Monday, March 17, 2014

Kickoff 5K

Sarah and I sat in my car in front of Arrowhead Stadium, staring at the frozen tundra before us. There was snow and ice covering the parking lot, and the windchill was almost below zero.

"We could just go to IHOP and eat pancakes and drink coffee."

"I mean, we could. But we're already here. Let's just do it, and then we'll feel awesome."

" . . . ok . . . "

It was my second race of the year, a year in which I had challenged myself to run one 5K a month, and two 10Ks. Compared to current conditions, the last race I ran in 20 degree temperatures seemed like a Hawaiian vacation. If I thought I was crazy for doing the last race, at this point I was certifiably insane. Sarah and I had gotten to the race super early, and we sat in my car for almost an hour, absorbing as much heat as we could. We waited until the absolute last minute to get out of the car and run over to the starting line. 

Sarah headed to the back, and I went to the very front. I wanted to finish this thing ASAP, and I had told her that she could find me in the car when the race was over, recovering from the hypothermia and frostbite that would surely set in. 

As soon as the race organizers gave us the word, off we all went. I was already annoyed that my Spotify music app wasn't working, meaning I couldn't listen to my normal running playlist that keeps me motivated. I had to go with another internet radio app, Pandora, and I was at the whim of whatever came on the station it was on. It turned out to be my Hillsong United station, a popular worship band from Australia, and the mix of songs that played had to have been divinely influenced. 
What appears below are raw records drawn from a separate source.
(* Let $m\geq2$. Then a graph $G$ is minor maximal amongst graphs with $n$ vertices, at most $m$ parallel edges between any given pair of vertices, and spectator floor $n-1$, if and only if $G$ is an $m$-saturated crowded $1$-parade, i.e., every pair of its $n$ vertices is joined by exactly $m$ edges.
   Context: All graphs are finite, have at least one vertex, have no loops, and may have multiple (parallel) edges. A minor of $H$ is any graph obtained from $H$ by a sequence of: deleting an isolated vertex, deleting an edge, contracting an edge that has no edge parallel to it. A graph $G$ in a class $\mathcal{C}$ is minor maximal in $\mathcal{C}$ if no graph in $\mathcal{C}$ other than $G$ has $G$ as a minor. An $m$-saturated crowded $1$-parade is a graph in which every pair of vertices is joined by exactly $m$ edges. A unique shortest path is a shortest $u$–$v$ path $P$ such that every $u$–$v$ path with the same number of vertices is identical to $P$, where two paths with different edge sequences are different even if their vertex sequences agree; a single vertex is a unique shortest path. The parade number $\mathrm{usp}(G)$ is the largest number of vertices of a unique shortest path in $G$. The spectator number is $\mathrm{sp}(G)=|V(G)|-\mathrm{usp}(G)$. The spectator floor $\lfloor \mathrm{sp}\rfloor(G)$ is the minimum of $\mathrm{sp}(H)$ over all graphs $H$ of which $G$ is a minor. *)

From mathcomp Require Import all_boot.
Set Implicit Arguments. Unset Strict Implicit. Unset Printing Implicit Defensive.

(* The edges between x and y are labelled
   0, ..., mult G x y - 1 (the same labels seen from either endpoint). *)
Record mgraph := MGraph {
  nv : nat;
  mult : 'I_nv -> 'I_nv -> nat;
  mult_sym : forall x y, mult x y = mult y x;
  mult_irr : forall x, mult x x = 0;
  nv_pos : 0 < nv }.
Arguments mult : clear implicits.

Definition iso (G H : mgraph) : Prop :=
  exists f : 'I_(nv G) -> 'I_(nv H),
    bijective f /\ forall x y, mult H (f x) (f y) = mult G x y.

Definition del_isolated_vertex (G H : mgraph) : Prop :=
  exists v : 'I_(nv G),
    (forall w, mult G v w = 0) /\ (nv H).+1 = nv G /\
    exists f : 'I_(nv H) -> 'I_(nv G),
      injective f /\ (forall x, f x != v) /\
      forall x y, mult H x y = mult G (f x) (f y).

Definition del_edge (G H : mgraph) : Prop :=
  exists a b : 'I_(nv G), 0 < mult G a b /\
    exists f : 'I_(nv H) -> 'I_(nv G),
      bijective f /\
      forall x y, mult H x y =
        mult G (f x) (f y)
        - (((f x == a) && (f y == b)) || ((f x == b) && (f y == a))).

Definition contract_edge (G H : mgraph) : Prop :=
  exists a b : 'I_(nv G), mult G a b = 1 /\
    exists q : 'I_(nv G) -> 'I_(nv H),
      (forall X, exists x, q x = X) /\ q a = q b /\
      (forall x y, q x = q y -> x = y \/ (x \in [:: a; b] /\ y \in [:: a; b])) /\
      forall X Y, X != Y ->
        mult H X Y = \sum_(x | q x == X) \sum_(y | q y == Y) mult G x y.

Definition minor_step (G H : mgraph) : Prop :=
  del_isolated_vertex G H \/ del_edge G H \/ contract_edge G H.

Inductive reaches : mgraph -> mgraph -> Prop :=
  | reaches_refl G : reaches G G
  | reaches_step G H K : minor_step G H -> reaches H K -> reaches G K.

Definition is_minor (G H : mgraph) : Prop :=
  exists K, reaches H K /\ iso K G.

Definition is_path (G : mgraph) (u v : 'I_(nv G))
    (rest : seq 'I_(nv G)) (es : seq nat) : Prop :=
  [/\ last u rest = v, uniq (u :: rest), size es = size rest &
      forall i, i < size rest ->
        nth 0 es i < mult G (nth u (u :: rest) i) (nth u rest i)].

Definition is_usp (G : mgraph) (u v : 'I_(nv G))
    (rest : seq 'I_(nv G)) (es : seq nat) : Prop :=
  [/\ is_path u v rest es,
      (forall rest' es', is_path u v rest' es' -> size rest <= size rest') &
      (forall rest' es', is_path u v rest' es' -> size rest' = size rest ->
         rest' = rest /\ es' = es)].

Definition usp_eq (G : mgraph) (k : nat) : Prop :=
  (exists u v rest es, @is_usp G u v rest es /\ (size rest).+1 = k) /\
  (forall u v rest es, @is_usp G u v rest es -> (size rest).+1 <= k).

Definition sp_eq (G : mgraph) (s : nat) : Prop :=
  exists k, usp_eq G k /\ s = nv G - k.

Definition sp_floor_eq (G : mgraph) (f : nat) : Prop :=
  (exists H, is_minor G H /\ sp_eq H f) /\
  (forall H s, is_minor G H -> sp_eq H s -> f <= s).

Definition classC (n m : nat) (G : mgraph) : Prop :=
  [/\ nv G = n, (forall x y, mult G x y <= m) & sp_floor_eq G (n - 1)].

Definition minor_maximal (C : mgraph -> Prop) (G : mgraph) : Prop :=
  C G /\ forall H, C H -> is_minor G H -> iso H G.

Definition saturated (m : nat) (G : mgraph) : Prop :=
  forall x y : 'I_(nv G), x != y -> mult G x y = m.

(* Let G be m-saturated with m >= 2, and let H contain G as a minor, witnessed
   by disjoint connected branch sets.  A unique shortest path P of H has neither
   chords nor parallel edges, so every connected vertex set inside P is an
   interval of P and two disjoint such sets are joined by at most one edge.
   Since G has at least two edges between any two vertices, at most one branch
   set lies inside P and each of the others owns a vertex off P; hence
   |V(G)| - 1 <= |V(H)| - |P|, i.e. sp(H) >= n - 1, with equality for H = G.
   So G is in the class.  It is maximal: an H in the class containing G as a
   minor has n vertices, so the branch sets are singletons and H has at least,
   hence exactly, m edges between any two vertices.  Conversely, if some pair
   of G carries fewer than m edges, adding one more edge stays in the class and
   yields a graph that has G as a minor without being isomorphic to it. *)

From mathcomp Require Import all_boot zify.
From Stdlib Require Import Classical_Prop.
Set Implicit Arguments. Unset Strict Implicit. Unset Printing Implicit Defensive.

Definition edges_between (H : mgraph) (A B : {set 'I_(nv H)}) : nat :=
  \sum_(a in A) \sum_(b in B) mult H a b.
(* Let $q\ge 1$ and, for each $k\in\{1,\dots,q\}$, let $M_k\ge 2$ be an integer and $0=x_{k,0}<x_{k,1}<\dots<x_{k,M_k}=1$. Let data values $z_{(1,j_1)\cdots(q,j_q)}\in\mathbb{R}$ be given for all $(j_1,\dots,j_q)\in\prod_{k=1}^q\{0,1,\dots,M_k\}$. Let the maps $u_{k,i}$ and the function $\eta$ be as in the context, and for each $(i_1,\dots,i_q)\in\prod_{k=1}^q\{1,\dots,M_k\}$ let $F_{i_1\cdots i_q}:I^q\times\mathbb{R}\to\mathbb{R}$ be continuous and satisfy: (1) $F_{i_1\cdots i_q}\big(x_{1,k_1},\dots,x_{q,k_q},z_{(1,k_1)\cdots(q,k_q)}\big)=z_{(1,\eta(i_1,k_1))\cdots(q,\eta(i_q,k_q))}$ for all $(k_1,\dots,k_q)\in\prod_{j=1}^q\{0,M_j\}$; (2) there is $0<\gamma_{i_1\cdots i_q}<1$ with $|F_{i_1\cdots i_q}(x,z^* )-F_{i_1\cdots i_q}(x,z^{**})|\le\gamma_{i_1\cdots i_q}|z^*-z^{**}|$ for all $x\in I^q$, $z^*,z^{**}\in\mathbb{R}$; (3) (matching conditions) for every $k\in\{1,\dots,q\}$, every $i_k\in\{1,\dots,M_k-1\}$ and every choice of $i_j\in\{1,\dots,M_j\}$ for $j\ne k$, putting $x_k^*=u_{k,i_k}^{-1}(x_{k,i_k})=u_{k,i_k+1}^{-1}(x_{k,i_k})$, one has $F_{i_1\cdots i_{k-1}\,i_k\,i_{k+1}\cdots i_q}(x_1,\dots,x_{k-1},x_k^*,x_{k+1},\dots,x_q,z)=F_{i_1\cdots i_{k-1}\,(i_k+1)\,i_{k+1}\cdots i_q}(x_1,\dots,x_{k-1},x_k^*,x_{k+1},\dots,x_q,z)$ for all $x_j\in I$ ($j\neq k$) and $z\in\mathbb{R}$. Define $\Omega_{i_1\cdots i_q}:I^q\times\mathbb{R}\to I^q\times\mathbb{R}$ by $\Omega_{i_1\cdots i_q}(x_1,\dots,x_q,z)=\big(u_{1,i_1}(x_1),\dots,u_{q,i_q}(x_q),F_{i_1\cdots i_q}(x_1,\dots,x_q,z)\big)$. Then there is a unique continuous function $\mathcal{A}:I^q\to\mathbb{R}$ whose graph $H=\{(x,\mathcal{A}(x)):x\in I^q\}$ satisfies $H=\bigcup_{(i_1,\dots,i_q)\in\prod_k\{1,\dots,M_k\}}\Omega_{i_1\cdots i_q}(H)$; moreover $\mathcal{A}(x_{1,j_1},\dots,x_{q,j_q})=z_{(1,j_1)\cdots(q,j_q)}$ for all $(j_1,\dots,j_q)\in\prod_{k=1}^q\{0,\dots,M_k\}$.
   Context: $I=[0,1]$, $I^q$ is the $q$-fold Cartesian product. For $k\in\{1,\dots,q\}$ and $i\in\{1,\dots,M_k\}$, $I_{k,i}=[x_{k,i-1},x_{k,i}]$ and $u_{k,i}:I\to I_{k,i}$ is a homeomorphism onto $I_{k,i}$ which is a contraction ($|u_{k,i}(x)-u_{k,i}(y)|\le\mu_{k,i}|x-y|$ with $0<\mu_{k,i}<1$) and satisfies $u_{k,i}(0)=x_{k,i-1}$, $u_{k,i}(1)=x_{k,i}$ if $i$ is odd, and $u_{k,i}(0)=x_{k,i}$, $u_{k,i}(1)=x_{k,i-1}$ if $i$ is even. The function $\eta$ is defined on pairs $(i,e)$ with $i$ an integer and $e\in\{0,M_1,\dots,M_q\}$ by: if $i$ is odd, $\eta(i,0)=i-1$ and $\eta(i,M_j)=i$; if $i$ is even, $\eta(i,0)=i$ and $\eta(i,M_j)=i-1$. *)

(* Stdlib reals R, with MathComp ordinals 'I_q as the index set {1..q}
   (shifted to {0..q-1}). Points of I^q are functions 'I_q -> R. *)
From Stdlib Require Import Reals.
From mathcomp Require Import all_boot.
Lemma Gen_coarse (Gs : rel T -> Prop) :
  (forall g, Gs g -> Gs (rinv g)) -> coarse_structure (Gen Gs).
Proof.
  intro Gs_inv. constructor.
  - split; [intros x y H; exact H|]. exists [[]]. split; [intros w g [<-|[]] []|].
    intros x y H. exists []. split; [left; reflexivity|exact H].
  - intros E [E_diag _]. exact E_diag.
  - intros E [E_diag [ws [ws_Gs E_ws]]]. split.
    + intros x y H. apply E_diag. symmetry. exact H.
    + exists (map (fun w => rev (map (@rinv T) w)) ws). split.
      * intros w g Hw Hg. apply in_map_iff in Hw. destruct Hw as [w0 [<- Hw0]].
        apply in_rev, in_map_iff in Hg. destruct Hg as [g0 [<- Hg0]].
        apply Gs_inv. exact (ws_Gs w0 g0 Hw0 Hg0).
      * intros x y H. destruct (E_ws y x H) as [w [Hw W]].
        exists (rev (map (@rinv T) w)). split; [exact (in_map (fun w => rev (map (@rinv T) w)) ws w Hw)|].
        apply word_rinv, W.
  - intros E F [E_diag [ws [ws_Gs E_ws]]] [F_diag [vs [vs_Gs F_vs]]]. split.
    + intros x y H. exists x. split; [apply E_diag; reflexivity|apply F_diag, H].
    + exists (flat_map (fun w => map (fun v => w ++ v) vs) ws). split.
      * intros u g Hu Hg. apply in_flat_map in Hu. destruct Hu as [w [Hw Hu]].
        apply in_map_iff in Hu. destruct Hu as [v [<- Hv]].
        apply in_app_or in Hg. destruct Hg; eauto.
      * intros x z [y [Hxy Hyz]]. destruct (E_ws x y Hxy) as [w [Hw W]].
        destruct (F_vs y z Hyz) as [v [Hv V]]. exists (w ++ v). split.
        -- apply in_flat_map. exists w. split; [exact Hw|]. exact (in_map (fun v => w ++ v) vs v Hv).
        -- exact (word_app _ _ _ _ _ W V).
  - intros E F [E_diag [ws [ws_Gs E_ws]]] [F_diag [vs [vs_Gs F_vs]]]. split.
    + intros x y H. left. apply E_diag, H.
    + exists (ws ++ vs). split.
      * intros w g Hw Hg. apply in_app_or in Hw. destruct Hw; eauto.
      * intros x y [H|H].
        -- destruct (E_ws x y H) as [w [Hw W]]. exists w. split; [apply in_or_app|]; auto.
        -- destruct (F_vs x y H) as [w [Hw W]]. exists w. split; [apply in_or_app|]; auto.
  - intros E E' [_ [ws [ws_Gs E_ws]]] E'_diag E'_E. split; [exact E'_diag|].
    exists ws. split; [exact ws_Gs|]. intros x y H. exact (E_ws x y (E'_E x y H)).
Qed.

Lemma Gen_generator (Gs : rel T -> Prop) (E : rel T) :
  Gs E -> subrel (@diag T) E -> Gen Gs E.
Proof.
  intros HE E_diag. split; [exact E_diag|]. exists [[E]]. split.
  - intros w g [<-|[]] [<-|[]]. exact HE.
  - intros x y H. exists [E]. split; [left; reflexivity|]. exists y. split; [exact H|reflexivity].
Qed.

Lemma cjoin_sub_Gen (C1 C2 Gs : rel T -> Prop) :
  (forall g, Gs g -> Gs (rinv g)) ->
  (forall E, C1 E -> Gs E /\ subrel (@diag T) E) ->
  (forall E, C2 E -> Gs E /\ subrel (@diag T) E) ->
  forall E, cjoin C1 C2 E -> Gen Gs E.
Proof.
  intros Gs_inv C1_Gs C2_Gs E HE. apply HE.
  - apply Gen_coarse, Gs_inv.
  - intros F HF. destruct (C1_Gs F HF). apply Gen_generator; assumption.
  - intros F HF. destruct (C2_Gs F HF). apply Gen_generator; assumption.
Qed.

Definition join_generator (g : rel T) : Prop :=
  perm_coarse g \/ small_discrete_coarse g.

Lemma inverse_choice : exists inv : (T -> T) -> T -> T,
  forall h, bij h -> bij (inv h) /\ forall x, inv h (h x) = x.
Proof.
  apply (choice (fun h g => bij h -> bij g /\ forall x, g (h x) = x)).
  intro h. destruct (classic (bij h)) as [[g [gh hg]]|nb]; [|exists h; tauto].
  exists g. intros _. split; [exists h; split; assumption|exact gh].
Qed.

Lemma join_generator_rinv (g : rel T) : join_generator g -> join_generator (rinv g).
Proof.
  intros [[g_diag [H0 [H0_bij g_H0]]]|[g_diag [B [B_small g_B]]]].
  - left. destruct inverse_choice as [inv Hinv]. split.
    + intros x y E. apply g_diag. symmetry. exact E.
    + exists (map inv H0). split.
      * intros g' Hg'. apply in_map_iff in Hg'. destruct Hg' as [h [<- Hh]].
        exact (proj1 (Hinv h (H0_bij h Hh))).
      * intros x y H. destruct (g_H0 y x H) as [->|[h [Hh ->]]]; [left; reflexivity|].
        right. exists (inv h). split; [exact (in_map inv H0 h Hh)|].
        symmetry. exact (proj2 (Hinv h (H0_bij h Hh)) y).
  - right. split; [intros x y E; apply g_diag; symmetry; exact E|].
    exists B. split; [exact B_small|]. intros x y H.
    destruct (g_B y x H) as [->|[By Bx]]; [left; reflexivity|right; split; assumption].
Qed.

Lemma join_sub_Gen (Gs : rel T -> Prop) :
  (forall g, Gs g -> Gs (rinv g)) -> (forall g, join_generator g -> Gs g) ->
  forall E, cjoin (@small_discrete_coarse T) (@perm_coarse T) E -> Gen Gs E.
Proof.
  intros Gs_inv Gs_join. apply cjoin_sub_Gen; [exact Gs_inv| |];
    intros E HE; (split; [apply Gs_join|]).
  - right. exact HE.
  - exact (proj1 HE).
  - left. exact HE.
  - exact (proj1 HE).
Qed.
End CoarseStructures.

Section UncountableType.
Variable K : Type.
Hypothesis K_uncountable : ~ exists f : K -> nat, forall x y, f x = f y -> x = y.

Lemma K_inhabited : inhabited K.
Proof.
  apply NNPP. intro H. apply K_uncountable. exists (fun _ => 0).
  intros x. exfalso. exact (H (inhabits x)).
Qed.

(* K does not inject into l x N for a finite list l: the position in l and
   the second coordinate would inject K into N. *)
Lemma pairs_with_list_not_injective (l : list K) (phi : K -> K * nat) :
  (forall x y, phi x = phi y -> x = y) -> ~ (forall x, In (fst (phi x)) l).
Proof.
  intros phi_inj Hl. apply K_uncountable.
  destruct (choice (fun x i => nth_error l i = Some (fst (phi x)))) as [idx Hidx].
  { intro x. apply In_nth_error, Hl. }
  exists (fun x => to_nat (idx x, snd (phi x))). intros x y E.
  apply (f_equal of_nat) in E. rewrite !cancel_of_to in E. injection E as Ei En.
  apply phi_inj. pose proof (Hidx x) as Hx. rewrite Ei, Hidx in Hx. injection Hx as Ex.
  rewrite (surjective_pairing (phi x)), (surjective_pairing (phi y)), Ex, En.
  reflexivity.
Qed.

Lemma K_infinite : ~ finite_set (fun _ : K => True).
Proof.
  intros [l Hl]. apply (pairs_with_list_not_injective l (fun x => (x, 0))).
  - intros x y E. injection E as E. exact E.
  - intro x. apply Hl. exact I.
Qed.

(* If K embeds into A x N then it embeds into A: A cannot be finite, and an
   infinite A absorbs the factor N. *)
Lemma not_small_of_pairs (A : K -> Prop) (phi : K -> K * nat) :
  (forall x y, phi x = phi y -> x = y) -> (forall x, A (fst (phi x))) -> ~ small A.
Proof.
  intros phi_inj phi_A A_small.
  destruct (classic (finite_set A)) as [[l Hl]|A_inf].
  - apply (pairs_with_list_not_injective l phi phi_inj). intro x. apply Hl, phi_A.
  - destruct (absorb A A_inf) as [io [io_A io_inj]]. apply A_small.
    exists (fun x => io (fst (phi x)) (snd (phi x))). split.
    + intros x y E. apply io_inj in E; [|apply phi_A|apply phi_A]. destruct E as [E1 E2].
      apply phi_inj.
      rewrite (surjective_pairing (phi x)), (surjective_pairing (phi y)), E1, E2.
      reflexivity.
    + intro x. apply io_A, phi_A.
Qed.

Lemma cover_by_two (P Q : K -> Prop) :
  (forall x, P x \/ Q x) -> embeds Q P -> ~ small P.
Proof.
  intros PQ [g [g_P g_inj]].
  destruct (choice (fun x c => (P x /\ c = (x, 0)) \/ (~ P x /\ c = (g x, 1))))
    as [phi Hphi].
  { intro x. destruct (classic (P x)); eauto. }
  apply (not_small_of_pairs P phi).
  - intros x y E.
    destruct (Hphi x) as [[Px Ex]|[Px Ex]]; destruct (Hphi y) as [[Py Ey]|[Py Ey]];
      rewrite Ex, Ey in E; injection E; intros; try congruence.
    apply g_inj; [destruct (PQ x)|destruct (PQ y)|]; tauto.
  - intro x. destruct (Hphi x) as [[Px ->]|[nPx ->]]; [exact Px|].
    apply g_P. destruct (PQ x); tauto.
Qed.
(* Let $0<m\le L$, $\kappa=L/m$, and let $\rho\in(0,1)$ satisfy $T_s=1/(1-\rho)\ge(\sqrt\kappa+1)/2$. Let $c=\dfrac{\kappa-(1+\rho)/(1-\rho)}{\rho\,(\kappa+(1+\rho)/(1-\rho))}$. Then $c\in[-1,1]$, the two-step momentum algorithm with parameters $\alpha=(1+\rho)(1+c\rho)/L$, $\beta=c\rho^2$, $\gamma=0$ achieves convergence rate $\rho$ for all $f\in\mathcal{Q}_m^L$, and $$\hat J_{\max}:=\max_{\lambda\in[m,L]}\hat J(\lambda)=\hat J(m)=\hat J(L)=\frac{\sigma_w^2(\kappa+1)}{2(1-c\rho^2)(1+\rho)(1+c\rho)},$$ $$\hat J_{\min}:=\min_{\lambda\in[m,L]}\hat J(\lambda)=\hat J(\hat\lambda)=\frac{\sigma_w^2}{(1+c\rho^2)(1-c\rho^2)},\qquad \hat\lambda=(m+L)/2.$$
   Context: $\mathcal{Q}_m^L$ is the class of quadratic functions $f(x)=\tfrac12x^TQx-q^Tx$ on $\mathbb{R}^n$ with $q\in\mathbb{R}^n$, $Q=Q^T\succ0$ whose largest eigenvalue is $L$ and smallest is $m$. The two-step momentum algorithm is $x^{t+2}=x^{t+1}+\beta(x^{t+1}-x^t)-\alpha\nabla f\big(x^{t+1}+\gamma(x^{t+1}-x^t)\big)+\sigma_w w^t$ ($w^t$ white noise with zero mean and identity covariance, $\sigma_w\ge0$), with state matrix $A=\begin{bmatrix}0&I\\-\beta I+\gamma\alpha Q&(1+\beta)I-(1+\gamma)\alpha Q\end{bmatrix}$ on $\psi^t=[(x^t-x^\star)^T,(x^{t+1}-x^\star)^T]^T$; rate $\rho$ is achieved for all $f\in\mathcal{Q}_m^L$ if the spectral radius of $A$ is at most $\rho$ for every such $f$. For $\lambda>0$ let $a(\lambda)=\beta-\gamma\alpha\lambda$, $b(\lambda)=(1+\gamma)\alpha\lambda-(1+\beta)$, $d=a+b+1$, $l=a-b+1$, $h=1-a$ (evaluated at $\lambda$), and $\hat J(\lambda)=\sigma_w^2(d(\lambda)+l(\lambda))/(2d(\lambda)h(\lambda)l(\lambda))$ (the contribution of Hessian eigenvalue $\lambda$ to the steady-state variance of $x^t-x^\star$). *)

From mathcomp Require Import all_boot all_order all_algebra.
From mathcomp Require Import complex.
Set Implicit Arguments. Unset Strict Implicit. Unset Printing Implicit Defensive.
Import Order.TTheory GRing.Theory Num.Theory.
Local Open Scope ring_scope.

Section Defs.
Variable R : rcfType.

(* Q is a symmetric positive definite n x n matrix whose (real) eigenvalues
   lie in [m, L], with m and L themselves eigenvalues: the smallest eigenvalue
   is m and the largest is L.  f(x) = 1/2 x^T Q x - q^T x. *)
Definition in_QmL (m L : R) (n : nat) (Q : 'M[R]_n) (q : 'cV[R]_n) : Prop :=
  [/\ Q^T = Q,
      (forall v : 'cV[R]_n, v != 0 -> 0 < (v^T *m Q *m v) 0 0),
      (forall lam : R, eigenvalue Q lam -> m <= lam <= L),
      eigenvalue Q m & eigenvalue Q L].

(* State matrix of the two-step momentum algorithm on
   psi^t = [x^t - x*; x^{t+1} - x*]. *)
Definition state_mx (alpha beta gamma : R) (n : nat) (Q : 'M[R]_n)
  : 'M[R]_(n + n) :=
  block_mx 0 1%:M
           ((- beta)%:M + (gamma * alpha) *: Q)
           ((1 + beta)%:M - ((1 + gamma) * alpha) *: Q).

Definition spec_rad_le (n : nat) (A : 'M[R]_n) (rho : R) : Prop :=
  forall z : R[i], eigenvalue (map_mx (real_complex R) A) z -> Normc.normc z <= rho.

Definition achieves_rate (alpha beta gamma rho m L : R) : Prop :=
  forall (n : nat) (Q : 'M[R]_n) (q : 'cV[R]_n),
    in_QmL m L Q q -> spec_rad_le (state_mx alpha beta gamma Q) rho.

Definition a_ (alpha beta gamma lam : R) := beta - gamma * alpha * lam.
Definition b_ (alpha beta gamma lam : R) := (1 + gamma) * alpha * lam - (1 + beta).
Definition d_ alpha beta gamma lam :=
  a_ alpha beta gamma lam + b_ alpha beta gamma lam + 1.
Definition l_ alpha beta gamma lam :=
  a_ alpha beta gamma lam - b_ alpha beta gamma lam + 1.
Definition h_ alpha beta gamma lam := 1 - a_ alpha beta gamma lam.
Theorem lemma6 (R : realType) (N : nat) (C : 'M[int]_2) (s t : int)
    (Q T : 'M[rat]_2) :
  prime N -> (N %% 4 = 3)%N ->
  \det C != 0 -> coprime `|\det C| N ->
  s * N%:Z + t * \det C = 1 ->
  in_S R Q -> in_S R T ->
  let X : 'M[rat]_2 := ((t * \det C)%:~R : rat) *: invmx (toQ C) in
  K R Q T (N%:Z *: C) =
    K R (X *m Q *m X^T) T (N%:Z)%:M * K R ((s ^+ 2)%:~R *: Q) T C.
Proof.
move=> N_prime _ detC _ bezout Q_S T_S X.
apply: K_mul => //; first exact: prime_gt0.
  exact: in_S_half_integral Q_S.
exact: in_S_half_integral T_S.
Qed.
(* (E, DM), with E acting on itself by right multiplication, is an
   (H,E)-Hopf module: DM is a (k-linear, coassociative, counital) right
   H-comodule structure with DM (m s) = DM(m) DE(s).  (The right E-module
   axioms hold automatically for right multiplication.) *)
Definition is_EH_hopf_module (DM : E -> eh) : Prop :=
  [/\ is_linear DM,
      (forall m, tmap eh ehh DM id (DM m) = idDelta eh hh ehh DH (DM m)),
      (forall m, rcounit eh eps (DM m) = m)
    & (forall m s, DM (m * s) = DM m * DE s)].

Definition is_EH_hopf_morph (DM DM' : E -> eh) (f : E -> E) : Prop :=
  [/\ is_linear f, (forall m s, f (m * s) = f m * s)
    & (forall m, DM' (f m) = tmap eh eh f id (DM m))].

Definition EH_hopf_iso (DM DM' : E -> eh) : Prop :=
  exists f g : E -> E,
    [/\ is_EH_hopf_morph DM DM' f, is_EH_hopf_morph DM' DM g,
        (forall m, g (f m) = m) & (forall m, f (g m) = m)].

Definition is_unit_of (R : pzRingType) (x : R) : Prop :=
  exists y, x * y = 1 /\ y * x = 1.

Definition d0 (X : eh) : ehh := tmap eh ehh DE id X.
Definition d1 (X : eh) : ehh := idDelta eh hh ehh DH X.
Definition d2 (X : eh) : ehh := tens ehh X 1.

Definition Z1 (X : eh) : Prop := is_unit_of X /\ d2 X * d0 X = d1 X.

(* X' = d^1(x^{-1}) X d^0(x) for some unit x of E, d^1(y) = y (x) 1 *)
Definition cohomologous (X X' : eh) : Prop :=
  exists x xinv : E, [/\ x * xinv = 1, xinv * x = 1
                       & X' = tens eh xinv 1 * X * DE x].

Definition twisted (X : eh) : E -> eh := fun x => X * DE x.
End Hopf.
End Defs.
On the first mile I wondered if my face would actually freeze solid and fall off. The sun was trying to peek out, and I prayed that it would make an appearance, having mercy on us all. I focused on my breathing, and within a few minutes, my body was warm, and I wasn't so much thinking about the cold. I quickly realized that the worship music that was playing in my ears was so much more encouraging than the playlist I had planned. About a half mile in, I felt God's presence with me very tangibly, and I knew how proud He was of me for choosing to run that race despite all the good reasons I had not to. I started to cry, but I considered the bitter temperatures and decided I didn't want my tears to freeze to my face, so I got ahold of myself.

I passed a tall, athletic looking black guy in mile two. I was holding a steady pace, but he would run past me and then stop to walk. Then he would run past me again and walk again. It was almost like when a car keeps passing you on the highway, only to slow down to where you have to pass them. Then they speed up and pass you again. It drives me nuts (no pun intended). Sadly, there is no cruise control setting on a human being. I wondered if he figured he just couldn't let tiny me run ahead of him. 

In mile three, we passed our original starting point as we completed a full circle around both Arrowhead Stadium and Kauffman Stadium. Cutting across the parking lot we ran between the two looming structures, Kauffman on my left and Arrowhead on my right. I remember thinking it was fitting to be running around a baseball and football stadium where so much athletic talent is on display throughout the year. Chiefs and Royals jokes aside, a part of that athletic spirit was pushing me forward. 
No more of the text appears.